The idea behind this shorthand is that any Euclidean correlation function in the massless 2d scalar model can be written as a limit of a correlation function in the massive model. The massive 2d theory is Gaussian and completely characterized by the 2-point function $\langle \phi(x)\phi(y)\rangle$, which blows up like $-\ln(m|x-y|)$ as $m \to 0$. This means that some correlation functions will not remain finite in this limit, which reduces the size of the Hilbert space and the collection of field operators.

Concretely, this works as follows..

Recall the Wightman/GNS construction of the Hilbert space and field operators: The collection of Euclidean correlation functions specifies a linear functional $E$ on the algebra $\mathcal{A}_+$ of Euclidean observables which are supported at positive time. Reflection about $t=0$ gives a map $\theta: \mathcal{A}_+ \to \mathcal{A}_-$, which defines a (degenerate) sesquilinear form $s: \mathcal{A}_+ \times \mathcal{A}_+ \to [0,\infty]$. Call an element $a$ of $\mathcal{A}_+$ $L^2$-finite if $E(\theta(a)a) < \infty$, by analogy with the case where $E$ is the expectation value of a normed functional measure. If $s$ is reflection positive, we get an inner product space by restricting attention to the space $\mathcal{V}$ of $L^2$-finite vectors and quotienting out by the null ideal of $s$. Completing gives a Hilbert space $\mathcal{H}$. The elements of $\mathcal{V}$ act on a space of smooth vectors within $\mathcal{H}$ via right multiplication.
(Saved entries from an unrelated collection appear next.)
(* Let $\mathbf d=(d_1,d_2)\in\mathbb{N}^2\setminus\{(0,0)\}$ and let $Q_{\mathbf d}$ be the set of quads of bi-degree exactly $\mathbf d$. Then $Q_{\mathbf d}$ is finite and nonempty and its elements have pairwise distinct sizes. Listing its elements in order of decreasing size, the sizes form a sequence of consecutive integers, and the points of $\mathbb{Z}[\gamma]$ they represent form a strictly decreasing sequence of positive real numbers. The element of largest size has size $d_1+d_2$ and represents $d_1+d_2\gamma^{-1}$; the element of smallest size represents $|d_1-d_2\gamma^{-1}|$. Every element of $Q_{\mathbf d}$ other than these two represents a point $m+n\gamma^{-1}$ ($m,n\in\mathbb{Z}$) with $|m|\le d_1$ and $|n|\le d_2-1$.
   Context: Let $f\colon\mathbb{Z}\to\mathbb{Z}$ be defined by $f(0)=f(1)=1$, $f(i+2)=f(i+1)+f(i)$ for all $i\in\mathbb{Z}$; $\gamma=(1+\sqrt5)/2$; $\mathbb{Z}[\gamma]=\mathbb{Z}\oplus\mathbb{Z}\gamma^{-1}$. A quad is a tuple $q=(i;a,b,c)$ of non-negative integers with $a\ge1$. It represents $\alpha\in\mathbb{Z}[\gamma]$ if $\alpha=a\gamma^{-i}+b\gamma^{-i-1}+c\gamma^{-i-2}$. Its bi-degree is $(d_1(q),d_2(q))$ with $d_1(q)=af(i-2)+bf(i-1)+cf(i)$ and $d_2(q)=af(i-1)+bf(i)+cf(i+1)$, and its size is $a+b+c$. *)

From HB Require Import structures.
From mathcomp Require Import all_boot all_order all_algebra.
Set Implicit Arguments. Unset Strict Implicit. Unset Printing Implicit Defensive.
Import Order.TTheory GRing.Theory Num.Theory.
Local Open Scope ring_scope.

Fixpoint fib (n : nat) : nat :=
  match n with
  | 0 => 0
  | 1 => 1
  | (m.+1 as k).+1 => fib k + fib m
  end%N.

(* f : Z -> Z with f(0) = f(1) = 1 and f(i+2) = f(i+1) + f(i) for all i in Z.
   f(i) = Fib(i+1), extended to negative indices via
   Fib(-n) = (-1)^(n+1) Fib(n). *)
Definition f (i : int) : int :=
  match i with
  | Posz n => (fib n.+1)%:Z
  | Negz n => (-1) ^+ n.+1 * (fib n)%:Z
  end.

Definition quad := (nat * nat * nat * nat)%type.
Definition qi (q : quad) : nat := q.1.1.1.
Definition qa (q : quad) : nat := q.1.1.2.
Definition qb (q : quad) : nat := q.1.2.
Definition qc (q : quad) : nat := q.2.
Definition is_quad (q : quad) : bool := (1 <= qa q)%N.

Definition deg1 (q : quad) : int :=
  (qa q)%:Z * f ((qi q)%:Z - 2) + (qb q)%:Z * f ((qi q)%:Z - 1)
  + (qc q)%:Z * f (qi q)%:Z.
Definition deg2 (q : quad) : int :=
  (qa q)%:Z * f ((qi q)%:Z - 1) + (qb q)%:Z * f (qi q)%:Z
  + (qc q)%:Z * f ((qi q)%:Z + 1).

Definition qsize (q : quad) : nat := (qa q + qb q + qc q)%N.

Definition gamma {R : rcfType} : R := (1 + Num.sqrt 5) / 2.

Definition qval {R : rcfType} (q : quad) : R :=
  (qa q)%:R * gamma ^- (qi q) + (qb q)%:R * gamma ^- (qi q).+1
  + (qc q)%:R * gamma ^- (qi q).+2.

Lemma f_0 : f 0 = 1. Proof. by []. Qed.
Lemma f_1 : f 1 = 1. Proof. by []. Qed.
Lemma f_m1 : f (-1) = 0. Proof. by []. Qed.
Lemma f_m2 : f (-2) = 1. Proof. by []. Qed.
Lemma f_m3 : f (-3) = -1. Proof. by []. Qed.

From HB Require Import structures.
From mathcomp Require Import all_boot all_order all_algebra.
From mathcomp Require Import zify ring lra.
Import Order.TTheory GRing.Theory Num.Theory.

Set Implicit Arguments.
Unset Strict Implicit.
Unset Printing Implicit Defensive.

(* Bi-degrees only involve f at indices >= -2, so they are natural numbers
   (deg1n, deg2n) expressed with shifted Fibonacci numbers fibs.  The map step
   rewrites gamma^-i as gamma^-(i+1) + gamma^-(i+2) and so turns a quad with
   b <> 0 into a quad of the same bi-degree, of size one less, representing a
   point smaller by 2 gamma^-(i+1) (step_spec, qval_step).  Conversely every
   quad other than start d1 d2 has a step-predecessor (step_onto), and sizes
   are bounded by d1 + d2.  Hence Q_d is exactly the step-orbit of start d1 d2
   up to its first quad with b = 0 (section Orbit).  The represented points are
   located through (-1)^j gamma^-j = fibs j - fibs (j+1) gamma^-1, which gives
   their integer coordinates and bounds them by the bi-degree (section
   GoldenRatio); the main theorem collects these facts. *)

(* Shifted Fibonacci numbers: fibs j = f (j - 2), i.e. fibs 0 = 1, fibs 1 = 0
   and fibs j.+2 = Fib (j + 1). *)
Definition fibs (j : nat) : nat :=
  match j with 0 => 1 | 1 => 0 | k.+2 => fib k.+1 end.

Lemma fibsS j : fibs j.+2 = fibs j.+1 + fibs j.
Proof. by case: j => [|[|j]] //; rewrite addnC. Qed.

Lemma fibs_gt0 j : 0 < fibs j.+2.
Proof. by elim: j => // j IH; apply: ltn_addr. Qed.

Arguments fibs : simpl never.

Definition deg1n (q : quad) : nat :=
  qa q * fibs (qi q) + qb q * fibs (qi q).+1 + qc q * fibs (qi q).+2.
Definition deg2n (q : quad) : nat :=
  qa q * fibs (qi q).+1 + qb q * fibs (qi q).+2 + qc q * fibs (qi q).+3.

Section DegreeTranslation.
Local Open Scope ring_scope.

Lemma f_fibs j : f (j%:Z - 2) = (fibs j)%:Z.
Proof. by case: j => [|[|j]] //; have -> : j.+2%:Z - 2 = j%:Z by lia. Qed.

Lemma f_fibs_shifts i :
  [/\ f (i%:Z - 1) = (fibs i.+1)%:Z, f i%:Z = (fibs i.+2)%:Z
    & f (i%:Z + 1) = (fibs i.+3)%:Z].
Proof. by rewrite -!f_fibs; split; congr f; lia. Qed.

Lemma deg1E q : deg1 q = (deg1n q)%:Z.
Proof.
have [e1 e2 _] := f_fibs_shifts (qi q).
by rewrite /deg1 f_fibs e1 e2 /deg1n !PoszD !PoszM.
Qed.

Lemma deg2E q : deg2 q = (deg2n q)%:Z.
Proof.
have [e1 e2 e3] := f_fibs_shifts (qi q).
by rewrite /deg2 e1 e2 e3 /deg2n !PoszD !PoszM.
Qed.

End DegreeTranslation.

Lemma qsize_gt0 q : is_quad q -> 0 < qsize q.
Proof. by rewrite /is_quad /qsize; lia. Qed.

(* The size never exceeds d1 + d2: indeed d1 + d2 = a fibs (i+2) + b fibs (i+3)
   + c fibs (i+4), and these Fibonacci numbers are positive. *)
Lemma qsize_le_deg q : qsize q <= deg1n q + deg2n q.
Proof.
case: q => [[[i a] b] c]; rewrite /qsize /qa /qb /qc /=.
have -> : deg1n (i, a, b, c) + deg2n (i, a, b, c) =
           a * fibs i.+2 + b * fibs i.+3 + c * fibs i.+4.
  by rewrite /deg1n /deg2n /qi /qa /qb /qc /= !fibsS; lia.
by rewrite !leq_add // leq_pmulr // fibs_gt0.
Qed.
When we take the massless limit, we reduce the size of $\mathcal{V}$, as the evaluation observables $ev_x(\phi) = \phi(x)$ cease to $L^2$-finite. (Note that $E(\theta(ev_x) ev_y) = \langle \phi(x)\phi(y)$.) This is why people say $\phi$ isn't a quantum field in the massless case. However, many local observables do survive this limit, such as the famous vertex operators. (And various idiocies occur, such as zero becoming part of the Hamiltonian's continuous spectrum, thus 'no vacuum vector'.)

It's harmless abuse of notation to write expressions in terms of $\phi$ (or its Fourier components, which you've written $a_n$), as long as you remember that the computation has to commute with the construction above.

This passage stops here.